In November, 1810, Princess Amelia, youngest daughter of George III, died. At the end of 1810 full mourning of complete black would have been worn but by the beginning of 1811, half mourning would still have been to respect the loss of a royal family member. Half-mourning allowed touches of silver, grey, mauve and white to be added to a mostly black outfit and would be worn after the period of full mourning was ended, times depending on the relationship to the deceased person. Garments and accessories could either be trimmed with black, jet jewelry worn, black ribbons added, or a layer of black net or gauze added to a dress or hat.

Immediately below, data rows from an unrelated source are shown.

(* Consider the two-type Bellman–Harris process described in the context. Let $H(t),k_1(t),k_2(t)$ be nonnegative functions on $[0,\infty)$ with $\lim_{t\to\infty}k_i(t)=0$ ($i=1,2$) and $\lim_{t\to\infty}H(t)=\infty$. (a) If there exist functions $k_i(t,\lambda_i)$, $i=1,2$, with $k_i(t,\lambda_i)\sim\lambda_ik_i(t)$ as $t\to\infty$ for every fixed $\lambda_i>0$, and $$\lim_{t\to\infty}H(t)\mathbf{Q}(t;1-k_1(t,\lambda_1),1-k_2(t,\lambda_2))=\mathbf{h}(\lambda_1,\lambda_2),\quad\lambda_1,\lambda_2>0,$$ for a function $\mathbf{h}=(h_1,h_2)$ with components continuous in both arguments, then $$\lim_{t\to\infty}H(t)\mathbf{Q}(t;e^{-\lambda_1k_1(t)},e^{-\lambda_2k_2(t)})=\mathbf{h}(\lambda_1,\lambda_2),\quad\lambda_1,\lambda_2>0.$$ (b) If $\lim_{t\to\infty}H(t)\mathbf{Q}(t;1,1-k_2(t,\lambda_2))=\mathbf{h}(\lambda_2)$ for $\lambda_2>0$, for a function $\mathbf{h}(\lambda_2)=(h_1(\lambda_2),h_2(\lambda_2))$ with continuous components (and $k_2(t,\lambda_2)\sim\lambda_2k_2(t)$ for each fixed $\lambda_2>0$), then $\lim_{t\to\infty}H(t)\mathbf{Q}(t;1,e^{-\lambda_2k_2(t)})=\mathbf{h}(\lambda_2)$ for $\lambda_2>0$.
   Context: Two-type Bellman–Harris branching process $\mathbf{Z}(t)=(Z_1(t),Z_2(t))$ (particles of type $i\in\{1,2\}$ have life-length distribution $G_i$ and offspring generating function $f_i(s_1,s_2)$, and evolve independently). For $\mathbf{s}=(s_1,s_2)\in[0,1]^2$, $F_i(t;\mathbf{s})=\mathbf{E}[s_1^{Z_1(t)}s_2^{Z_2(t)}\mid\text{one initial particle of type }i]$ and $\mathbf{Q}(t;\mathbf{s})=(1-F_1(t;\mathbf{s}),1-F_2(t;\mathbf{s}))^\dagger$. *)

From HB Require Import structures.
From mathcomp Require Import all_boot all_order all_algebra.
From mathcomp Require Import all_classical all_reals all_analysis.
Set Implicit Arguments. Unset Strict Implicit. Unset Printing Implicit Defensive.
Import Order.TTheory GRing.Theory Num.Theory.
Import numFieldNormedType.Exports.
Local Open Scope classical_set_scope.
Local Open Scope ring_scope.

Definition pgf2 {R : realType} (q : nat -> nat -> R) (s1 s2 : R) : R :=
  limn (fun N => \sum_(n < N) \sum_(m < N) q n m * s1 ^+ n * s2 ^+ m).

Definition pmf2 {R : realType} (q : nat -> nat -> R) : Prop :=
  (forall n m, 0 <= q n m) /\
  (fun N => \sum_(n < N) \sum_(m < N) q n m) @ \oo --> (1 : R).

(* q is a sub-probability mass function on nat x nat (total mass <= 1;
   a defect accounts for a possibly infinite population). *)
Definition subpmf2 {R : realType} (q : nat -> nat -> R) : Prop :=
  (forall n m, 0 <= q n m) /\
  (forall N, \sum_(n < N) \sum_(m < N) q n m <= 1).

(* Data of a two-type Bellman-Harris process (types 0,1 stand for 1,2):
   G i   : life-length distribution of a type-i particle (on [0,oo)),
   q i   : offspring distribution of a type-i particle,
           f_i(s1,s2) = pgf2 (q i) s1 s2,
   p i t : law of (Z_1(t), Z_2(t)) started from one type-i particle,
           F_i(t;s1,s2) = pgf2 (p i t) s1 s2.
   The process is characterised by the Bellman-Harris integral equations
   F_i(t;s) = s_i (1 - G_i(t)) + int_[0,t] f_i(F(t-u;s)) dG_i(u). *)
Definition bellman_harris2 {R : realType}
  (G : 'I_2 -> probability R R) (q : 'I_2 -> nat -> nat -> R)
  (p : 'I_2 -> R -> nat -> nat -> R) : Prop :=
  (forall i, G i [set x : R | x < 0] = 0%E) /\
  (forall i, pmf2 (q i)) /\
  (forall i t, 0 <= t -> subpmf2 (p i t)) /\
  (forall i s1 s2, measurable_fun setT (fun t => pgf2 (p i t) s1 s2)) /\
  (forall i t s1 s2, 0 <= t -> 0 <= s1 <= 1 -> 0 <= s2 <= 1 ->
     pgf2 (p i t) s1 s2 =
       (if i == ord0 then s1 else s2) * fine (G i [set x : R | t < x])
       + Rintegral (G i) [set u : R | 0 <= u <= t]
           (fun u => pgf2 (q i) (pgf2 (p ord0 (t - u)) s1 s2)
                                (pgf2 (p (lift ord0 ord0) (t - u)) s1 s2))).
Lemma systemP t k (F : {set {set 'I_t}}) : is_system k F ->
  [/\ forall I, I \in F -> is_interval I, trivIset F & #|F| = k].
Proof.
case/and3P=> /forallP intF /forallP disjF /eqP cF; split => //.
  by move=> I IF; move: (intF I); rewrite IF.
apply/trivIsetP => I J IF JF ne.
by move: (disjF I); rewrite IF /= => /forallP/(_ J); rewrite JF ne.
Qed.

Theorem mainTheorem14 (R : realType) (t k : nat) :
  (1 <= t)%N -> (1 <= k)%N -> (6 * k <= t)%N ->
  forall F : {set {set 'I_t}}, is_system k F ->
  exists mu : {ffun {set {set 'I_t}} -> R},
    is_rand_system k mu /\
    (forall S : {set 'I_t}, rSets mu S = Sets R F S) /\
    rval mu <= 5 * sys_val R F /\
    rvalid mu.
Proof.
move=> _ _ tk F /systemP[F_int F_disj cF].
exists (piece_distr R F); split; [split; [|split]|split; [|split]].
- exact: piece_distr_ge0.
- exact: piece_distr_sum1.
- by move=> G /piece_distr_support[f fA ->]; exact: chosen_system.
- exact: rSets_piece_distr.
- have val_ge0 : 0 <= sys_val R F by apply: sumr_ge0 => I _; rewrite invr_ge0.
  have := rval_piece_distr R F_int F_disj; lra.
- by move=> G /piece_distr_support[f fA ->]; exact: (chosen_valid F_disj tk cF fA).
Qed.
(* Let $\phi$ be a sentence of $\mathbf{FO}(=\!(\cdot),\mathrm{All}_1,\sqcup,[\cdot])$. Then $\phi$ is logically equivalent to some first-order sentence $\phi'$, i.e. $\mathfrak M\models_{\{\emptyset\}}\phi$ iff $\mathfrak M\models\phi'$ for every structure $\mathfrak M$.
   Context: Team semantics (lax version). For a structure $\mathfrak M$ with domain $M$, a team $X$ is a (possibly empty) set of assignments $s:V\to M$, $V$ a finite set of variables; $X(v)=\{s(v):s\in X\}$. Satisfaction for formulas in negation normal form: first-order literal $\alpha$: every $s\in X$ satisfies $\alpha$ (Tarski); $\psi\vee\theta$: $X=Y\cup Z$ with $\mathfrak M\models_Y\psi$, $\mathfrak M\models_Z\theta$; $\psi\wedge\theta$: both; $\exists v\psi$: some $F:X\to\mathcal P(M)\setminus\{\emptyset\}$ with $\mathfrak M\models_{X[F/v]}\psi$, $X[F/v]=\{s[m/v]:s\in X,m\in F(s)\}$; $\forall v\psi$: $\mathfrak M\models_{X[M/v]}\psi$, $X[M/v]=\{s[m/v]:s\in X,m\in M\}$. A sentence is true in $\mathfrak M$ iff $\mathfrak M\models_{\{\emptyset\}}\phi$. Operators: constancy atoms (all arities) $\mathfrak M\models_X=\!(\vec v)$ iff $s(\vec v)=s'(\vec v)$ for all $s,s'\in X$; unary totality atom $\mathfrak M\models_X\mathrm{All}_1(v)$ iff $X(v)=M$; classical disjunction $\mathfrak M\models_X\phi\sqcup\psi$ iff $\mathfrak M\models_X\phi$ or $\mathfrak M\models_X\psi$; for a first-order sentence $\theta$, $\mathfrak M\models_X[\theta]$ iff $\mathfrak M\models\theta$ in Tarski semantics. *)

From Stdlib Require Import List Arith PeanoNat.
Import ListNotations.
Set Implicit Arguments.

(* A first-order signature: function symbols F, relation symbols Rl (arities are
   left implicit: interpretations act on argument lists). Variables are nat. *)
Inductive term (F : Type) : Type :=
| Var : nat -> term F
| App : F -> list (term F) -> term F.
Arguments Var {F} _. Arguments App {F} _ _.

Record structure (F Rl : Type) := {
  dom : Type;
  dom_inh : dom;
  fun_i : F -> list dom -> dom;
  rel_i : Rl -> list dom -> Prop }.

Definition assignment (M : Type) := nat -> option M.
Definition empty_asg {M : Type} : assignment M := fun _ => None.
Definition upd {M : Type} (s : assignment M) (v : nat) (m : M) : assignment M :=
  fun w => if Nat.eqb w v then Some m else s w.

Section Eval.
Context {F Rl : Type} (A : structure F Rl).

Fixpoint eval (s : assignment (dom A)) (t : term F) : option (dom A) :=
  match t with
  | Var n => s n
  | App f ts =>
      let fix go (l : list (term F)) : option (list (dom A)) :=
        match l with
        | nil => Some nil
        | t' :: l' => match eval s t', go l' with
                      | Some a, Some b => Some (a :: b)
                      | _, _ => None end
        end in
      option_map (fun_i A f) (go ts)
  end.

Fixpoint evals (s : assignment (dom A)) (l : list (term F)) : option (list (dom A)) :=
  match l with
  | nil => Some nil
  | t :: l' => match eval s t, evals s l' with
               | Some a, Some b => Some (a :: b)
               | _, _ => None end
  end.
End Eval.
Lemma orth_ran_adjoint_comp_sub_ker (T : set (V * V)) y :
  is_subspace T -> closed_operator ip T ->
  orth ip (ran (opcomp (adjoint ip T) T)) y -> ker T y.
Proof.
move=> subT Tcl y_orth.
have [x [t [a [Txt Ata yE]]]] := graph_adjoint_decomposition y subT Tcl.
have ran_a : ran (opcomp (adjoint ip T) T) a by exists x, t.
have := y_orth a ran_a; rewrite yE (ipDr ipP) (ipC ipP x a) -(Ata x t Txt) /= -(ipC ipP).
move=> /eqP; rewrite paddr_eq0 ?(ip_ge0 ipP) //.
by case/andP => /eqP/(ip_eq0 ipP) t0 /eqP/(ip_eq0 ipP) a0; rewrite /ker a0 addr0 -t0.
Qed.

End VonNeumann.

Section CauchyDual.
Variables (R : realType) (H : lmodType R[i]) (ip : H -> H -> R[i]) (T : set (H * H)).
Hypotheses (hilbP : is_hilbert ip) (opT : is_operator T) (Tcl : closed_operator ip T)
  (Tran : closed_range ip T).
Let ipP : is_inner_product ip := hilbP.1.
Let subT : is_subspace T := operator_subspace opT.
Local Notation adj := (adjoint ip).
Local Notation T_dag := (mp_inverse ip T).
Local Notation wT := (cauchy_dual ip T).

Let dag_total y : exists a, T_dag (y, a) := mp_inverse_total hilbP y subT Tcl Tran.

Lemma cauchy_dual_functional y z z' : wT (y, z) -> wT (y, z') -> z = z'.
Proof.
move=> [s [dag_s Tsz]] [s' [dag_s' Ts'z']].
have subS := opcomp_subspace subT (adjoint_subspace ipP T).
rewrite -(mp_inverse_functional ipP subS dag_s dag_s') in Ts'z'.
exact: operator_functional opT Tsz Ts'z'.
Qed.

Lemma cauchy_dual_eq_mp_inverse : (forall p, T_dag p -> wT p) -> wT = T_dag.
Proof.
move=> dag_sub; apply/seteqP; split=> [[y z] wyz|p /dag_sub //].
have [a dag_ya] := dag_total y.
by rewrite (cauchy_dual_functional wyz (dag_sub _ dag_ya)).
Qed.

Lemma mp_inverse_sub_adjoint_cauchy_dual p : T_dag p -> adj wT p.
Proof.
case: p => y a [y1 [y2 [/= -> y2_orth [_ a_orth] Tay1]]] y' z' [s [dag_s Tsz']].
case: dag_s => y1' [y2' [/= -> y2'_orth _ [t [Tst Aty1']]]].
rewrite (operator_functional opT Tst Tsz') in Aty1'.
rewrite (ipDr ipP) (ipDl ipP) (y2_orth z' (ex_intro _ s Tsz')) addr0.
rewrite (a_orth y2' (orth_ran_adjoint_comp_sub_ker hilbP subT Tcl y2'_orth)) addr0.
by rewrite (ipC ipP y1 z') (Aty1' a y1 Tay1) -(ipC ipP).
Qed.

Section SelfadjointOperator.
Hypothesis Tsa : selfadjoint ip T.
Let T_adj p : T p -> adj T p. Proof. by rewrite -Tsa. Qed.
Let adj_T p : adj T p -> T p. Proof. by rewrite -Tsa. Qed.

Lemma ker_selfadjointE x : ker T x <-> orth ip (ran T) x.
Proof.
split=> [Tx0 w [x' Tx'w]|x_orth].
  by have := T_adj Tx0 Tx'w; rewrite /= (ip0r ipP).
by apply: adj_T => x' y' Tx'y' /=; rewrite (ip0r ipP) x_orth //; exists x'.
Qed.

Lemma carrier_sub_ran a : carrier ip T a -> ran T a.
Proof.
move=> [_ a_orth]; apply: (orth_orth_sub hilbP (ran_subspace subT) Tran).
by move=> w /ker_selfadjointE /a_orth.
Qed.

Lemma mp_inverse_selfadjoint : selfadjoint ip T_dag.
Proof.
have dag_sub p : T_dag p -> adj T_dag p.
  case: p => y a [y1 [y2 [/= -> y2_orth ca Tay1]]] y' a' [y1' [y2' [/= -> y2'_orth ca' Ta'y1']]].
  rewrite (ipDr ipP) (ipDl ipP) (y2_orth a' (carrier_sub_ran ca')) addr0.
  rewrite (orth_ip ipP y2'_orth (carrier_sub_ran ca)) addr0.
  exact/esym/(T_adj Tay1).
apply/seteqP; split=> [p /dag_sub //|[u v] adj_uv].
have [a dag_ua] := dag_total u.
by rewrite (adjoint_functional ipP dag_total adj_uv (dag_sub _ dag_ua)).
Qed.

Lemma mp_inverse_sub_cauchy_dual p : T_dag p -> wT p.
Proof.
case: p => y a [y1 [y2 [/= yE y2_orth ca Tay1]]].
have [s0 Ts0a] := carrier_sub_ran ca.
have [_ [s [_ _ Ts_a cs]]] := graph_ker_decomposition hilbP subT Tcl Ts0a.
exists s; split=> //; exists y1, y2; split=> //.
- by move=> w [x [z [Txz Azw]]]; apply: y2_orth; exists z; apply: adj_T.
- split; first by exists y1, a; split=> //; apply: T_adj.
  move=> n [z [Tnz Az0]].
  have z0 : z = 0.
    by apply: (orth_eq0 ipP (S := ran T)); [exists n | apply/ker_selfadjointE; apply: adj_T].
  by rewrite z0 in Tnz; apply: cs.2.
- by exists a; split=> //; apply: T_adj.
Qed.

Definition Half or Slight Mourning: Allowed touches of grey and white to be added to full, or deep, mourning ensembles. Some lustre, or shine, was allowed in fabrics and accessories. After a time, mauve or deep purple could also be worn. https://books2read.com/SuziLoveFashion1810-1814
1795-1805 ca. Evening Dress, Spain. Batiste, embroidered with sequins and floral theme. Via Museum Collections in Spain. ceres.mcu.es
The Empire styles at the beginning of the 19th century were made of a soft, lightweight fabric gathered just under the breasts. It featured a low square neckline, and small, short, puffed sleeves with a low shoulder line. Although lawn and batiste were used, muslin was the fabric of choice as it was easy to clean. The thin muslin clung close to the body and emulated styles worn in ancient Greece. Shades of white predominated, with the addition of pale pastel shades worn for day wear.
Definition Batiste: Soft, sheer, cotton or linen fabric in white and delicate colors, used for handkerchiefs, nightwear and neckwear. Probably named for its inventor, Jean Baptiste, of Cambrai.